Everyone needs help, big or small. You may seem like you’ve got it all figured out, but few of us do (I don’t include myself in that exclusive group …). 

Here’s an awesome example of an advanced healthcare professional seeking advice on the timing of research as she starts her masters degree. As a parent with a few tough births in his past, perinatal nurses are as close to heroes as we have, so I am in awe of this graduate student pursuing further education and research to advance her field. And the responding alum appears to agree.

Happy Friday!

The "ask"

Hi, my name is AMY, and I graduated from Emory College with a degree in Neuroscience and Behavioral Biology and a degree in Nursing from the School of Nursing in May 2020.

I am a high-risk perinatal nurse, and I am starting Emory’s Master’s of Science of Nursing in Women’s Health program this fall.

My question is if I can get involved in nursing research now or should I wait until my program starts to expand my interest? I am not sure where to begin and would appreciate all advice or recommendations on how to start my journey within nursing research. Would I be able to continue working as a nurse? In addition, would it be beneficial for me to switch to a clinical research nurse in obstetrics, gynecology, or overall women’s health, or would it be too much change all at once with starting my Master’s program?

Thank you so much for taking the time to answer my questions and giving your thoughts! I truly appreciate it!

The "give"

Wow, AMY, what a wonderful problem to have- so many options available from which to choose.

Okay to answer some of your questions:

Research Nurse positions usually require a BSN, often include research coordinator duties such as recruitment, informed consent process, scheduling visits, performing study measures (labs, EKG, etc.), dispensing IP (investigative product, i.e. study drug, device or treatment) plus data entry & management. Sometimes start up of new study takes extra time learning protocol, getting IRB approval, enrolling subjects, screening visits, and more. It can be a lot to absorb for anyone, even seasoned research nurses. Having expert organizational skills is essential.

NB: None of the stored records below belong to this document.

(* Let $\mathbb F$ be a field, $q\in\mathbb F$, $f,g\in\mathbb F[h]$. The associated graded algebra $\mathrm{Gr}(\mathcal H_q(f,g))=\bigoplus_{\alpha,\beta\ge 0}\mathcal F_{(\alpha,\beta)}/\mathcal F^-_{(\alpha,\beta)}$ is generated by the images $\bar x,\bar y,\bar h$ of $x,y,h$ subject to the relations $\bar h\bar x=\bar x f(\bar h)$, $\bar y\bar h=f(\bar h)\bar y$, $\bar y\bar x=q\bar x\bar y$; that is, $\mathrm{Gr}(\mathcal H_q(f,g))\cong\mathcal H_q(f,0)$.
   Context: For a field $\mathbb F$, $q\in\mathbb F$ and $f,g\in\mathbb F[h]$, $\mathcal H_q(f,g)$ is the unital associative $\mathbb F$-algebra generated by $x,y,h$ with relations $hx=xf(h)$, $yh=f(h)y$, $yx-qxy=g(h)$. Every element $a$ can be written uniquely as $a=\sum_{i,j\ge 0}x^ip_{ij}(h)y^j$ with $p_{ij}\in\mathbb F[h]$. For $a\ne0$, $\mathrm{Deg}(a)$ is the lexicographic maximum of $\{(i,j):p_{ij}\ne 0\}$, $\mathrm{Deg}(0)=(-\infty,-\infty)$; $\mathcal F_{(\alpha,\beta)}=\{a:\mathrm{Deg}(a)\le(\alpha,\beta)\}$ and $\mathcal F^-_{(\alpha,\beta)}=\{a:\mathrm{Deg}(a)<(\alpha,\beta)\}$ in lexicographic order; these form an increasing $\mathbb Z_{\ge0}^2$-filtration of $\mathcal H_q(f,g)$. *)

From HB Require Import structures.
From mathcomp Require Import all_boot all_order all_algebra.
Set Implicit Arguments. Unset Strict Implicit. Unset Printing Implicit Defensive.
Import Order.TTheory GRing.Theory.
Local Open Scope ring_scope.

Definition peval (F : fieldType) (A : algType F) (p : {poly F}) (h : A) : A :=
  \sum_(i < size p) p`_i *: h ^+ i.

Definition Hq_rels (F : fieldType) (A : algType F) (q : F) (f g : {poly F})
  (x y h : A) : Prop :=
  [/\ h * x = x * peval f h,
      y * h = peval f h * y
    & y * x - q *: (x * y) = peval g h].

Definition nf (F : fieldType) (A : algType F) (x y h : A) (N : nat)
  (P : nat -> nat -> {poly F}) : A :=
  \sum_(i < N) \sum_(j < N) x ^+ i * peval (P i j) h * y ^+ j.

Definition PBW (F : fieldType) (A : algType F) (x y h : A) : Prop :=
  (forall a : A, exists N P, a = nf x y h N P) /\
  (forall N P, nf x y h N P = 0 ->
     forall i j, (i < N)%N -> (j < N)%N -> P i j = 0).

(* (A, x, y, h) is (a copy of) H_q(f,g): the generators satisfy the
   defining relations and the PBW normal form holds. *)
Definition is_Hq (F : fieldType) (A : algType F) (q : F) (f g : {poly F})
  (x y h : A) : Prop :=
  Hq_rels q f g x y h /\ PBW x y h.

Definition lexlt (a b c d : nat) : bool :=
  (a < c)%N || ((a == c) && (b < d)%N).

Definition filt (F : fieldType) (A : algType F) (x y h : A) (al be : nat)
  (a : A) : Prop :=
  exists N P, a = nf x y h N P /\ forall i j, lexlt al be i j -> P i j = 0.

Definition filtm (F : fieldType) (A : algType F) (x y h : A) (al be : nat)
  (a : A) : Prop :=
  exists N P, a = nf x y h N P /\
    forall i j, ~~ lexlt i j al be -> P i j = 0.

(* Representatives of elements of Gr = (+)_{al,be} F_(al,be)/F^-_(al,be):
   finitely supported families G with G al be \in F_(al,be). *)
Definition grfam (F : fieldType) (A : algType F) (x y h : A)
  (G : nat -> nat -> A) : Prop :=
  (exists N, forall i j, (N <= i)%N \/ (N <= j)%N -> G i j = 0) /\
  (forall i j, filt x y h i j (G i j)).

Definition grequiv (F : fieldType) (A : algType F) (x y h : A)
  (G G' : nat -> nat -> A) : Prop :=
  forall i j, filtm x y h i j (G i j - G' i j).

Definition gradd (F : fieldType) (A : algType F) (G G' : nat -> nat -> A) :
  nat -> nat -> A := fun i j => G i j + G' i j.

Definition grscale (F : fieldType) (A : algType F) (c : F)
  (G : nat -> nat -> A) : nat -> nat -> A := fun i j => c *: G i j.

Definition grmul (F : fieldType) (A : algType F) (G G' : nat -> nat -> A) :
  nat -> nat -> A :=
  fun a b => \sum_(i < a.+1) \sum_(j < b.+1) G i j * G' (a - i)%N (b - j)%N.

Definition grsingle (F : fieldType) (A : algType F) (i0 j0 : nat) (v : A) :
  nat -> nat -> A := fun i j => if (i == i0) && (j == j0) then v else 0.

(* phi : Gr(A) -> B is an F-algebra isomorphism (Gr presented as the setoid
   of representatives modulo grequiv) sending xbar, ybar, hbar to x', y', h'. *)
Definition gr_iso (F : fieldType) (A : algType F) (x y h : A)
  (B : algType F) (x' y' h' : B) (phi : (nat -> nat -> A) -> B) : Prop :=
  (forall G G', grfam x y h G -> grfam x y h G' -> grfam x y h (grmul G G')) /\
  (forall G G', grfam x y h G -> grfam x y h G' ->
     (phi G = phi G' <-> grequiv x y h G G')) /\
  (forall b : B, exists2 G, grfam x y h G & phi G = b) /\
  (forall G G', grfam x y h G -> grfam x y h G' ->
     phi (gradd G G') = phi G + phi G') /\
  (forall c G, grfam x y h G -> phi (grscale c G) = c *: phi G) /\
  (forall G G', grfam x y h G -> grfam x y h G' ->
     phi (grmul G G') = phi G * phi G') /\
  phi (grsingle 0 0 1) = 1 /\
  phi (grsingle 1 0 x) = x' /\
  phi (grsingle 0 1 y) = y' /\
  phi (grsingle 0 0 h) = h'.

From HB Require Import structures.
From mathcomp Require Import all_boot all_order all_algebra.
From mathcomp Require Import zify.
From Stdlib Require Import ClassicalEpsilon.
Set Implicit Arguments. Unset Strict Implicit. Unset Printing Implicit Defensive.
Import Order.TTheory GRing.Theory.
Local Open Scope ring_scope.

(* Because hx = x f(h) and
   yh = f(h) y, a polynomial in h moves past x^k or y^k at the cost of the
   twist sigma^k (composition with f, k times), and y^j x^k equals
   q^(jk) x^k y^j up to terms of lower x-degree (exactly, when g = 0).  Hence
   a product of two monomials is x^(i+k) q^(jk) sigma^k(p) sigma^j(r) y^(j+l)
   up to lower x-degree terms: its "symbol product".

   The PBW property gives every element polynomial coordinates on the
   monomials.  F_(i,j) is described by the vanishing of the coordinates above
   (i,j), and F^-_(i,j) is the kernel of the (i,j)-coordinate on F_(i,j), so a
   class of F_(i,j)/F^-_(i,j) is just its (i,j)-coordinate.  Sending a graded
   family to the element of H_q(f,0) having these coordinates is therefore a
   linear bijection, and it is multiplicative because the graded product in
   Gr(H_q(f,g)) and the product in H_q(f,0) are both computed by convolving
   symbol products. *)

Section PolynomialEvaluation.
Variables (F : fieldType) (A : algType F).

Lemma peval_horner_alg (p : {poly F}) (a : A) : peval p a = horner_alg a p.
Proof.
rewrite /peval /horner_alg /horner_morph /= horner_coef size_map_poly.
by apply: eq_bigr => i _; rewrite coef_map /= mulr_algl.
Qed.

Lemma pevalD p r (a : A) : peval (p + r) a = peval p a + peval r a.
Proof. by rewrite !peval_horner_alg rmorphD. Qed.

Lemma pevalM p r (a : A) : peval (p * r) a = peval p a * peval r a.
Proof. by rewrite !peval_horner_alg rmorphM. Qed.

Lemma pevalZ c p (a : A) : peval (c *: p) a = c *: peval p a.
Proof. by rewrite !peval_horner_alg -mul_polyC rmorphM /= horner_algC mulr_algl. Qed.

Lemma peval0 (a : A) : peval 0 a = 0.
Proof. by rewrite peval_horner_alg rmorph0. Qed.

Lemma peval1 (a : A) : peval 1 a = 1.
Proof. by rewrite peval_horner_alg rmorph1. Qed.

Lemma pevalX (a : A) : peval 'X a = a.
Proof. by rewrite peval_horner_alg horner_algX. Qed.

Lemma peval_comp p r (a : A) : peval (p \Po r) a = peval p (peval r a).
Proof.
rewrite comp_polyE {2}/peval !peval_horner_alg raddf_sum /=.
apply: eq_bigr => i _.
by rewrite -mul_polyC rmorphM /= horner_algC mulr_algl rmorphXn.
Qed.

End PolynomialEvaluation.

Section SingleTermSums.
Variable V : zmodType.

Lemma sum_ord_if_eq N k (G : nat -> V) : (k < N)%N ->
  \sum_(k1 < N) (if (k1 : nat) == k then G k1 else 0) = G k.
Proof.
move=> ltkN; rewrite (bigD1 (Ordinal ltkN)) //= eqxx big1 ?addr0 // => k1.
by rewrite -val_eqE /= => /negbTE ->.
Qed.

Lemma sum_ord2_if_eq N k l (G : nat -> nat -> V) : (k < N)%N -> (l < N)%N ->
  \sum_(k1 < N) \sum_(l1 < N)
     (if ((k1 : nat) == k) && ((l1 : nat) == l) then G k1 l1 else 0) = G k l.
Proof.
move=> ltkN ltlN; rewrite -(sum_ord_if_eq (fun k1 => G k1 l) ltkN).
apply: eq_bigr => k1 _; case: (_ == k) => /=; first exact: sum_ord_if_eq.
exact: big1.
Qed.

Lemma sum_ord_if_add N i a (G : nat -> V) : (a < N)%N ->
  \sum_(k < N) (if (a == i + k)%N then G k else 0) =
  if (i <= a)%N then G (a - i)%N else 0.
Proof.
move=> ltaN; case: leqP => [leia | ltai]; last first.
  by apply: big1 => k _; rewrite ifF //; lia.
rewrite -(@sum_ord_if_eq N (a - i) G); last lia.
by apply: eq_bigr => k _; have -> : (a == i + k)%N = ((k : nat) == a - i)%N by lia.
Qed.

Lemma sum_ord_if_le N a (G : nat -> V) : (a < N)%N ->
  \sum_(i < N) (if (i <= a)%N then G i else 0) = \sum_(i < a.+1) G i.
Proof. by move=> ltaN; rewrite (big_ord_widen N G ltaN) [RHS]big_mkcond. Qed.

Lemma sum_ord_widen0 N K (G : nat -> V) : (N <= K)%N ->
  (forall k, (N <= k)%N -> (k < K)%N -> G k = 0) ->
  \sum_(k < N) G k = \sum_(k < K) G k.
Proof.
move=> leNK G0; rewrite (big_ord_widen K G leNK) big_mkcond /=.
by apply: eq_bigr => k _; case: ltnP => // leNk; rewrite G0.
Qed.

End SingleTermSums.

Section Monomials.
Variables (F : fieldType) (A : algType F) (x y h : A).

Definition mono (i : nat) (p : {poly F}) (j : nat) : A :=
  x ^+ i * peval p h * y ^+ j.

Lemma mono0 i j : mono i 0 j = 0.
Proof. by rewrite /mono peval0 mulr0 mul0r. Qed.

Lemma monoD i p r j : mono i (p + r) j = mono i p j + mono i r j.
Proof. by rewrite /mono pevalD mulrDr mulrDl. Qed.

Lemma monoZ i c p j : mono i (c *: p) j = c *: mono i p j.
Proof. by rewrite /mono pevalZ -scalerAr -scalerAl. Qed.

Lemma xX_mono m i p j : x ^+ m * mono i p j = mono (m + i) p j.
Proof. by rewrite /mono exprD !mulrA. Qed.

Lemma mono_yX i p j l : mono i p j * y ^+ l = mono i p (j + l).
Proof. by rewrite /mono exprD !mulrA. Qed.

Lemma mono_one : mono 0 1 0 = 1.
Proof. by rewrite /mono !expr0 peval1 !mulr1. Qed.

Lemma mono_x : mono 1 1 0 = x.
Proof. by rewrite /mono expr1 expr0 peval1 !mulr1. Qed.

Lemma mono_y : mono 0 1 1 = y.
Proof. by rewrite /mono expr1 expr0 peval1 !mul1r. Qed.

Lemma mono_h : mono 0 'X 0 = h.
Proof. by rewrite /mono !expr0 pevalX mulr1 mul1r. Qed.

Definition xdeg_lt (n : nat) (a : A) : Prop :=
  exists s : seq (nat * {poly F} * nat),
    all (fun t => (t.1.1 < n)%N) s /\ a = \sum_(t <- s) mono t.1.1 t.1.2 t.2.

Lemma xdeg_lt0 n : xdeg_lt n 0.
Proof. by exists [::]; rewrite big_nil. Qed.

Lemma xdeg_ltD n a b : xdeg_lt n a -> xdeg_lt n b -> xdeg_lt n (a + b).
Proof.
move=> [s [lt_s ->]] [t [lt_t ->]]; exists (s ++ t).
by rewrite all_cat lt_s lt_t big_cat.
Qed.

Lemma xdeg_ltZ n c a : xdeg_lt n a -> xdeg_lt n (c *: a).
Proof.
move=> [s [lt_s ->]]; exists (map (fun t => (t.1.1, c *: t.1.2, t.2)) s).
split; first by rewrite all_map.
by rewrite big_map scaler_sumr; apply: eq_bigr => t _; rewrite monoZ.
Qed.

Lemma xdeg_lt_mono n i p j : (i < n)%N -> xdeg_lt n (mono i p j).
Proof. by move=> ltin; exists [:: (i, p, j)]; rewrite /= ltin big_seq1. Qed.

Lemma xdeg_lt_le n m a : (n <= m)%N -> xdeg_lt n a -> xdeg_lt m a.
Proof.
move=> lenm [s [lt_s ->]]; exists s; split=> //.
by apply: sub_all lt_s => t /= lt_t; apply: leq_trans lenm.
Qed.

Lemma xdeg_lt_mulr n n' z a :
  (forall i p j, (i < n)%N -> xdeg_lt n' (mono i p j * z)) ->
  xdeg_lt n a -> xdeg_lt n' (a * z).
Proof.
move=> mono_z [s [lt_s ->]]; elim: s lt_s => [|t s IHs] /=.
  by rewrite big_nil mul0r => _; apply: xdeg_lt0.
case/andP=> lt_t lt_s; rewrite big_cons mulrDl.
by apply: xdeg_ltD; [apply: mono_z | apply: IHs].
Qed.

Lemma xdeg_lt_mull n n' z a :
  (forall i p j, (i < n)%N -> xdeg_lt n' (z * mono i p j)) ->
  xdeg_lt n a -> xdeg_lt n' (z * a).
Proof.
move=> z_mono [s [lt_s ->]]; elim: s lt_s => [|t s IHs] /=.
  by rewrite big_nil mulr0 => _; apply: xdeg_lt0.
case/andP=> lt_t lt_s; rewrite big_cons mulrDr.
by apply: xdeg_ltD; [apply: z_mono | apply: IHs].
Qed.

Lemma xdeg_lt_xX m n a : xdeg_lt n a -> xdeg_lt (m + n) (x ^+ m * a).
Proof.
apply: xdeg_lt_mull => i p j ltin.
by rewrite xX_mono; apply: xdeg_lt_mono; rewrite ltn_add2l.
Qed.
(* Let $f:G\to H$ be a surjective group homomorphism, and let $q_f:G\to G/\mathrm{Ker}(f)$ be the quotient map $g\mapsto g\,\mathrm{Ker}(f)$. (1) $\mathrm{sec}(f)\geq \sigma(f)$, and equality holds whenever $f$ does not admit a global section. (2) $\mathrm{sec}(f)=\mathrm{sec}(q_f)$. (3) If $f$ does not admit a global section, then $\mathrm{sec}(f)=\sigma(q_f)$.
   Context: For a homomorphism $f:G\to H$ and a subgroup $L\le H$, a local section of $f$ on $L$ is a homomorphism $s:L\to G$ with $f\circ s=\mathrm{incl}_L$ (the inclusion $L\hookrightarrow H$); a global section is a local section on $L=H$. The sectional number $\mathrm{sec}(f)$ is the least positive integer $m$ such that there exist proper subgroups $H_1,\ldots,H_m$ of $H$ with $H=H_1\cup\cdots\cup H_m$ and such that $f$ admits a local section on each $H_i$; $\mathrm{sec}(f)=\infty$ if no such $m$ exists. The covering number $\sigma(f)$ of a homomorphism $f:G\to H$ is the least positive integer $m$ such that there exist proper subgroups $G_1,\ldots,G_m$ of $G$ with $G=G_1\cup\cdots\cup G_m$ and, for each $i$, $\mathrm{Ker}(f)\subsetneq G_i$ and there is an isomorphism $\Omega_i:\mathrm{Ker}(f)\rtimes f(G_i)\to G_i$ (from some external semidirect product of $\mathrm{Ker}(f)$ by $f(G_i)$, with underlying set $\mathrm{Ker}(f)\times f(G_i)$) such that $f\circ\Omega_i=\pi_2$, the projection to the second coordinate; $\sigma(f)=\infty$ if no such $m$ exists. *)

From Stdlib Require Import Arith ClassicalEpsilon FunctionalExtensionality
  PropExtensionality ProofIrrelevance.

Set Implicit Arguments.

Record grp := Grp {
  car :> Type;
  mul : car -> car -> car;
  one : car;
  inv : car -> car;
  mulA : forall x y z, mul x (mul y z) = mul (mul x y) z;
  mul1g : forall x, mul one x = x;
  mulg1 : forall x, mul x one = x;
  mulVg : forall x, mul (inv x) x = one;
  mulgV : forall x, mul x (inv x) = one }.

Arguments mul {g}.
Arguments one {g}.
Arguments inv {g}.
Arguments mulA {g}.
Arguments mul1g {g}.
Arguments mulg1 {g}.
Arguments mulVg {g}.
Arguments mulgV {g}.

Section GroupLemmas.
Context {G : grp}.
Implicit Types x y z : G.

Lemma mulKg x y : mul (inv x) (mul x y) = y.
Proof. now rewrite mulA, mulVg, mul1g. Qed.

Lemma mulKVg x y : mul x (mul (inv x) y) = y.
Proof. now rewrite mulA, mulgV, mul1g. Qed.

Lemma inv_uniq x y : mul x y = one -> inv x = y.
Proof.
  intro H. rewrite <- (mulg1 (inv x)), <- H. now rewrite mulKg.
Qed.

Lemma invM x y : inv (mul x y) = mul (inv y) (inv x).
Proof.
  apply inv_uniq. rewrite <- mulA, (mulA y), mulgV, mul1g. apply mulgV.
Qed.

Lemma invK x : inv (inv x) = x.
Proof. apply inv_uniq, mulVg. Qed.
End GroupLemmas.

Definition is_hom {G H : grp} (f : G -> H) : Prop :=
  forall x y, f (mul x y) = mul (f x) (f y).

I was fortunate to enjoy an APRN position in the neurology department which was split between clinical practice and coordinating research studies. Over time the Brain Health Center has learned that APRNs who see dementia patients daily can burn out. With recent hires APRN positions will be 50% Cognitive Disorders clinic and 50% research. We think this will be interesting and challenging, but more able to provide a work-life balance.

I found graduate school to be challenging; working part-time suited my needs best. But times are different as there was no internet or online classes. I would have been overwhelmed taking on a new job and starting grad school simultaneously, but that’s me. Change is stressful-even changes we choose.

Best to know the reasons you make a choice- do I need to change employment for financial reasons? Do I need a change from my current job stress?

You have 6 months before school starts. A position in research might be interesting and may suit your needs. If the job responsibilities have flexibility, it may be possible to continue in that position when classes start. We had a nurse here at Goizueta ADRC who pursued her masters at Emory while still working.

Any choice you make is not forever- everything changes. Good luck, hope this helps.